====== Data for the task ======
(* Let $R$ be a ring such that $\operatorname{Nil}^*(R)=0$ and $R$ satisfies Köthe's conjecture, and suppose that $xy\in\operatorname{Nil}(R)$ for all $x,y\in\operatorname{Nil}(R)$ with $x^2=y^2=0$. Then $\operatorname{Nil}(R)$ is multiplicatively closed.
   Context: Rings are associative and not necessarily unital. $\operatorname{Nil}(R)$ is the set of nilpotent elements of $R$; $\operatorname{Nil}^*(R)$ is the upper nilradical, the sum of all nil two-sided ideals of $R$. $R$ satisfies Köthe's conjecture if every nil left ideal of $R$ is contained in a nil two-sided ideal. *)

(* Possibly non-unital associative rings are modelled as an
   additive abelian group (zmodType) with an associative, biadditive
   multiplication given explicitly. *)
From HB Require Import structures.
From mathcomp Require Import all_boot all_algebra.
Set Implicit Arguments. Unset Strict Implicit. Unset Printing Implicit Defensive.
Import GRing.Theory.
Local Open Scope ring_scope.

Section Rng.
Variables (R : zmodType) (mul : R -> R -> R).

Record is_rng : Prop := IsRng {
  rng_mulA : forall x y z, mul x (mul y z) = mul (mul x y) z;
  rng_mulDl : forall x y z, mul (x + y) z = mul x z + mul y z;
  rng_mulDr : forall x y z, mul x (y + z) = mul x y + mul x z }.

(* rpow x n = x^(n+1) (no unit needed) *)
Fixpoint rpow (x : R) (n : nat) : R :=
  match n with O => x | S n' => mul x (rpow x n') end.

Definition nilpotent_el (x : R) : Prop := exists n, rpow x n = 0.

Definition additive_subgroup (I : R -> Prop) : Prop :=
  I 0 /\ (forall x y, I x -> I y -> I (x - y)).

Definition left_ideal (I : R -> Prop) : Prop :=
  additive_subgroup I /\ (forall r x, I x -> I (mul r x)).

Definition two_sided_ideal (I : R -> Prop) : Prop :=
  left_ideal I /\ (forall r x, I x -> I (mul x r)).

Definition nil_set (I : R -> Prop) : Prop := forall x, I x -> nilpotent_el x.

(* Nil^*(R): the sum of all nil two-sided ideals, i.e. the set of finite sums
   of elements each lying in some nil two-sided ideal *)
Definition upper_nilradical (x : R) : Prop :=
  exists s : seq R,
    (forall y, y \in s -> exists I, [/\ two_sided_ideal I, nil_set I & I y])
    /\ x = \sum_(y <- s) y.

Definition koethe : Prop :=
  forall L, left_ideal L -> nil_set L ->
    exists I, [/\ two_sided_ideal I, nil_set I & forall x, L x -> I x].

End Rng.

(** The hypotheses Nil^*(R) = 0 and Köthe's conjecture combine into one
    cancellation principle: if [R z] is nil then [z = 0] (the nil left ideal
    [R z] lies in a nil ideal, hence in Nil^*(R) = 0, so [z] lies in the nil
    left annihilator of [R], which is again inside Nil^*(R)).  Together with
    "[ab] is nilpotent iff [ba] is", this yields, for nilpotent [y], the
    insertion rule [vu = 0 -> vyu = 0], first for [v = u] of square zero and
    then in general.  Inserting [y] between the factors of [x^n = 0] gives
    [(xy)^n x = 0]. *)
From mathcomp Require Import all_boot all_algebra.
From mathcomp Require Import zify.
Import GRing.Theory.
Local Open Scope ring_scope.

(* [alt_word mul x y t = x (y x)^t], so that [(x y)^(t+1) = alt_word mul x y t * y]. *)
Fixpoint alt_word {R : zmodType} (mul : R -> R -> R) (x y : R) (t : nat) : R :=
  if t is t'.+1 then mul (alt_word mul x y t') (mul y x) else x.

Section Rng.
Context {R : zmodType} {mul : R -> R -> R} (hR : is_rng mul).

Local Notation "x ⋅ y" := (mul x y) (at level 40, left associativity).
Local Notation rpow := (rpow mul).
Local Notation nilpotent := (nilpotent_el mul).
Local Notation alt_word := (alt_word mul).

Let mulA := rng_mulA hR.

Lemma rng_mul0r x : 0 ⋅ x = 0.
Proof.
apply: (addrI (0 ⋅ x)); rewrite addr0 -rng_mulDl //.
by rewrite addr0.
Qed.

Lemma rng_mulr0 x : x ⋅ 0 = 0.
Proof.
apply: (addrI (x ⋅ 0)); rewrite addr0 -rng_mulDr //.
by rewrite addr0.
Qed.

Lemma rng_mulBl x y z : (x - y) ⋅ z = x ⋅ z - y ⋅ z.
Proof. by apply: (addIr (y ⋅ z)); rewrite -rng_mulDl // !subrK. Qed.

Lemma rng_mulBr x y z : z ⋅ (x - y) = z ⋅ x - z ⋅ y.
Proof. by apply: (addIr (z ⋅ y)); rewrite -rng_mulDr // !subrK. Qed.

Lemma rpow_eq0_le {x k j} : rpow x k = 0 -> (k <= j)%N -> rpow x j = 0.
Proof.
move=> xk0 /subnK <-; elim: (j - k)%N => [|p IH] //.
by rewrite addSn /= IH rng_mulr0.
Qed.

Lemma rpow_mul x a b : rpow x a ⋅ rpow x b = rpow x (a + b).+1.
Proof. by elim: a => [|a IH] //=; rewrite -mulA IH. Qed.

Lemma sqr0_nilpotent a : a ⋅ a = 0 -> nilpotent a.
Proof. by exists 1%N. Qed.

Lemma nilpotent_mulC a b : nilpotent (a ⋅ b) -> nilpotent (b ⋅ a).
Proof.
have rpowC n : rpow (b ⋅ a) n.+1 = b ⋅ rpow (a ⋅ b) n ⋅ a.
  elim: n => [|n IH]; first by rewrite /= !mulA.
  by rewrite -[LHS]/(b ⋅ a ⋅ rpow (b ⋅ a) n.+1) IH
             -[rpow (a ⋅ b) n.+1]/(a ⋅ b ⋅ rpow (a ⋅ b) n) !mulA.
by case=> n abn0; exists n.+1; rewrite rpowC abn0 rng_mulr0 rng_mul0r.
Qed.

Lemma sandwich_sqr0 {u v} s : v ⋅ u = 0 -> u ⋅ s ⋅ v ⋅ (u ⋅ s ⋅ v) = 0.
Proof.
move=> vu0; have -> : u ⋅ s ⋅ v ⋅ (u ⋅ s ⋅ v) = u ⋅ s ⋅ (v ⋅ u) ⋅ (s ⋅ v).
  by rewrite !mulA.
by rewrite vu0 rng_mulr0 rng_mul0r.
Qed.

Section Cancellation.
Hypothesis hNil : forall x, upper_nilradical mul x -> x = 0.
Hypothesis hK : koethe mul.

Lemma nil_ideal_eq0 (I : R -> Prop) w :
  two_sided_ideal mul I -> nil_set mul I -> I w -> w = 0.
Proof.
move=> idI nilI Iw; apply: hNil; exists [:: w]; split.
- by move=> y; rewrite inE => /eqP ->; exists I.
- by rewrite big_cons big_nil addr0.
Qed.

Lemma nil_left_ideal_eq0 (L : R -> Prop) w :
  left_ideal mul L -> nil_set mul L -> L w -> w = 0.
Proof.
move=> idL nilL Lw; have [I [idI nilI LI]] := hK L idL nilL.
exact: nil_ideal_eq0 idI nilI (LI _ Lw).
Qed.

Lemma nil_left_mul_eq0 z : (forall s, nilpotent (s ⋅ z)) -> z = 0.
Proof.
move=> nilRz.
have Rz0 s : s ⋅ z = 0.
  apply: (@nil_left_ideal_eq0 (fun w => exists s, w = s ⋅ z)); last by exists s.
  - split; first split.
    + by exists 0; rewrite rng_mul0r.
    + by move=> _ _ [a ->] [b ->]; exists (a - b); rewrite rng_mulBl.
    + by move=> r _ [a ->]; exists (r ⋅ a); rewrite mulA.
  - by move=> _ [a ->].
apply: (@nil_left_ideal_eq0 (fun w => forall r, r ⋅ w = 0)) Rz0.
- split; first split.
  + by move=> r; rewrite rng_mulr0.
  + by move=> a b a0 b0 r; rewrite rng_mulBr a0 b0 subrr.
  + by move=> r w w0 r'; rewrite mulA w0.
- by move=> w w0; apply: sqr0_nilpotent.
Qed.

Lemma sandwich_eq0 v y u :
  (forall s, nilpotent (y ⋅ (u ⋅ s ⋅ v))) -> v ⋅ y ⋅ u = 0.
Proof.
move=> nil_yusv; apply: nil_left_mul_eq0 => s.
have -> : s ⋅ (v ⋅ y ⋅ u) = s ⋅ v ⋅ (y ⋅ u) by rewrite !mulA.
apply: nilpotent_mulC.
by have -> : y ⋅ u ⋅ (s ⋅ v) = y ⋅ (u ⋅ s ⋅ v) by rewrite !mulA.
Qed.

Hypothesis hsq : forall x y, nilpotent x -> nilpotent y ->
  x ⋅ x = 0 -> y ⋅ y = 0 -> nilpotent (x ⋅ y).

Lemma sqr0_sandwich_sqr0 {a b} : a ⋅ a = 0 -> b ⋅ b = 0 -> a ⋅ b ⋅ a = 0.
Proof.
move=> a0 b0; apply: sandwich_eq0 => s.
have asa0 := sandwich_sqr0 s a0.
by apply: hsq => //; apply: sqr0_nilpotent.
Qed.

(* Downward induction on the exponent of [Y = rpow y j]: the step uses the
   claim for [Y * Y = rpow y (j + j).+1] to get [(Y e Y)^2 = 0], whence
   [e (Y e Y) e = 0] and [(Y e)^3 = 0]. *)
Lemma sqr0_sandwich_nilpotent y a :
  nilpotent y -> a ⋅ a = 0 -> a ⋅ y ⋅ a = 0.
Proof.
case=> k yk0.
suff sandwich_rpow n j :
    (k <= j + n)%N -> forall b, b ⋅ b = 0 -> b ⋅ rpow y j ⋅ b = 0.
  exact: (sandwich_rpow k 0%N).
elim: n j => [|n IH] j le_k b b0.
  by rewrite (rpow_eq0_le yk0) ?rng_mulr0 ?rng_mul0r // -(addn0 j).
apply: sandwich_eq0 => s; set Y := rpow y j; set e := b ⋅ s ⋅ b.
have e0 : e ⋅ e = 0 by apply: sandwich_sqr0.
have YeY0 : Y ⋅ e ⋅ Y ⋅ (Y ⋅ e ⋅ Y) = 0.
  have -> : Y ⋅ e ⋅ Y ⋅ (Y ⋅ e ⋅ Y) = Y ⋅ (e ⋅ (Y ⋅ Y) ⋅ e) ⋅ Y by rewrite !mulA.
  by rewrite rpow_mul IH ?rng_mulr0 ?rng_mul0r //; lia.
have eYeYe0 := sqr0_sandwich_sqr0 e0 YeY0.
exists 2%N; rewrite [rpow _ 2]/=.
have -> : Y ⋅ e ⋅ (Y ⋅ e ⋅ (Y ⋅ e)) = Y ⋅ (e ⋅ (Y ⋅ e ⋅ Y) ⋅ e) by rewrite !mulA.
by rewrite eYeYe0 rng_mulr0.
Qed.

Lemma nilpotent_insert {y u v} : nilpotent y -> v ⋅ u = 0 -> v ⋅ y ⋅ u = 0.
Proof.
move=> nily vu0; apply: sandwich_eq0 => s; exists 1%N; rewrite /=.
have -> : y ⋅ (u ⋅ s ⋅ v) ⋅ (y ⋅ (u ⋅ s ⋅ v)) =
          y ⋅ (u ⋅ s ⋅ v ⋅ y ⋅ (u ⋅ s ⋅ v)) by rewrite !mulA.
by rewrite sqr0_sandwich_nilpotent ?rng_mulr0 // sandwich_sqr0.
Qed.

Lemma rpow_mul_alt_word x y t : rpow (x ⋅ y) t = alt_word x y t ⋅ y.
Proof.
have alt_wordS t' : x ⋅ y ⋅ alt_word x y t' = alt_word x y t'.+1.
  by elim: t' => [|t' IH] /=; rewrite mulA // IH.
by elim: t => [|t IH] //=; rewrite IH mulA alt_wordS.
Qed.

Lemma alt_word_rpow_eq0 {x y t} i : nilpotent y ->
  rpow x (t + i).+1 = 0 -> alt_word x y t ⋅ rpow x i = 0.
Proof.
move=> nily; elim: t i => [|t IH] i xti0 //=.
have -> : alt_word x y t ⋅ (y ⋅ x) ⋅ rpow x i =
          alt_word x y t ⋅ y ⋅ rpow x i.+1 by rewrite /= !mulA.
by apply: nilpotent_insert nily _; apply: IH; rewrite addnS.
Qed.

End Cancellation.
End Rng.

Theorem lemma2p5 (R : zmodType) (mul : R -> R -> R) (hR : is_rng mul)
  (hNil : forall x, upper_nilradical mul x -> x = 0)
  (hK : koethe mul)
  (hsq : forall x y, nilpotent_el mul x -> nilpotent_el mul y ->
           mul x x = 0 -> mul y y = 0 -> nilpotent_el mul (mul x y)) :
  forall x y, nilpotent_el mul x -> nilpotent_el mul y ->
    nilpotent_el mul (mul x y).
Proof.
move=> x y [n xn0] nily.
have insert_y := nilpotent_insert hR hNil hK hsq nily.
have alt_x0 : mul (alt_word mul x y n) x = 0.
  apply: (alt_word_rpow_eq0 hR hNil hK hsq 0 nily).
  by apply: (rpow_eq0_le hR xn0); rewrite addn0.
exists n.+1; rewrite rpow_mul_alt_word //=.
have -> : mul (mul (alt_word mul x y n) (mul y x)) y =
          mul (mul (mul (alt_word mul x y n) y) x) y by rewrite !(rng_mulA hR).
by rewrite insert_y // rng_mul0r.
Qed.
======
Your assignment — Taking the line containing "Theorem lemma2p5 (R" as the first, please return it and every line after it through the end of the entries, exactly and only those.

Output below —
Theorem lemma2p5 (R : zmodType) (mul : R -> R -> R) (hR : is_rng mul)
  (hNil : forall x, upper_nilradical mul x -> x = 0)
  (hK : koethe mul)
  (hsq : forall x y, nilpotent_el mul x -> nilpotent_el mul y ->
           mul x x = 0 -> mul y y = 0 -> nilpotent_el mul (mul x y)) :
  forall x y, nilpotent_el mul x -> nilpotent_el mul y ->
    nilpotent_el mul (mul x y).
Proof.
move=> x y [n xn0] nily.
have insert_y := nilpotent_insert hR hNil hK hsq nily.
have alt_x0 : mul (alt_word mul x y n) x = 0.
  apply: (alt_word_rpow_eq0 hR hNil hK hsq 0 nily).
  by apply: (rpow_eq0_le hR xn0); rewrite addn0.
exists n.+1; rewrite rpow_mul_alt_word //=.
have -> : mul (mul (alt_word mul x y n) (mul y x)) y =
          mul (mul (mul (alt_word mul x y n) y) x) y by rewrite !(rng_mulA hR).
by rewrite insert_y // rng_mul0r.
Qed.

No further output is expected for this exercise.